=== Stored data entries ===
Lemma Lambda_strategy_le w M : strategy E C s t gamma w ->
  (forall f, in_Fle E C s t gamma f -> Lambda_flow E C P lam f <= M) ->
  Lambda_strategy E C P lam w <= M.
Proof.
case=> w_ge0 [w_sum1 w_Fle] Lambda_le.
rewrite /Lambda_strategy -[leRHS]mul1r -w_sum1 mulr_suml.
elim: w {w_sum1} w_ge0 w_Fle => [|a w IHw] w_ge0 w_Fle; first by rewrite !big_nil.
rewrite !big_cons; apply: lerD.
  by apply: ler_wpM2l; [apply: w_ge0 | apply/Lambda_le/w_Fle]; left.
by apply: IHw => b wb; [apply: w_ge0 | apply: w_Fle]; right.
Qed.

End Strategies.

Section SinglePathFlows.
Variables (R : realType) (V : finType) (E : rel V) (C : V -> V -> R) (s t : V) (gamma : R).
Variables (k : nat) (P : 'I_k -> V * seq V) (lam : 'I_k -> R).
Hypotheses (dag : simple_dag E) (paths_ok : user_paths_ok E C P lam).
Hypotheses (gamma_gt0 : 0 < gamma) (gamma_le_C : forall u v, E u v -> gamma <= C u v).

Lemma is_st_flow_uncapacitated f : is_st_flow E C s t f -> uncapacitated_flow E s t f.
Proof. by case=> f_cap [f_off f_cons]; split=> // u v /f_cap /andP[]. Qed.

Lemma st_path_flow_capacity Q : path E s Q -> within_capacity E C (path_flow gamma (s, Q)).
Proof.
move=> EQ u v Euv; apply: le_trans (gamma_le_C Euv).
exact: path_flow_le (ltW gamma_gt0) (dag_path_uniq dag EQ).
Qed.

=== Exercise aim ===
The full data must appear again, retyped in every detail.

=== Answer space ===
Lemma Lambda_strategy_le w M : strategy E C s t gamma w ->
  (forall f, in_Fle E C s t gamma f -> Lambda_flow E C P lam f <= M) ->
  Lambda_strategy E C P lam w <= M.
Proof.
case=> w_ge0 [w_sum1 w_Fle] Lambda_le.
rewrite /Lambda_strategy -[leRHS]mul1r -w_sum1 mulr_suml.
elim: w {w_sum1} w_ge0 w_Fle => [|a w IHw] w_ge0 w_Fle; first by rewrite !big_nil.
rewrite !big_cons; apply: lerD.
  by apply: ler_wpM2l; [apply: w_ge0 | apply/Lambda_le/w_Fle]; left.
by apply: IHw => b wb; [apply: w_ge0 | apply: w_Fle]; right.
Qed.

End Strategies.

Section SinglePathFlows.
Variables (R : realType) (V : finType) (E : rel V) (C : V -> V -> R) (s t : V) (gamma : R).
Variables (k : nat) (P : 'I_k -> V * seq V) (lam : 'I_k -> R).
Hypotheses (dag : simple_dag E) (paths_ok : user_paths_ok E C P lam).
Hypotheses (gamma_gt0 : 0 < gamma) (gamma_le_C : forall u v, E u v -> gamma <= C u v).

Lemma is_st_flow_uncapacitated f : is_st_flow E C s t f -> uncapacitated_flow E s t f.
Proof. by case=> f_cap [f_off f_cons]; split=> // u v /f_cap /andP[]. Qed.

Lemma st_path_flow_capacity Q : path E s Q -> within_capacity E C (path_flow gamma (s, Q)).
Proof.
move=> EQ u v Euv; apply: le_trans (gamma_le_C Euv).
exact: path_flow_le (ltW gamma_gt0) (dag_path_uniq dag EQ).
Qed.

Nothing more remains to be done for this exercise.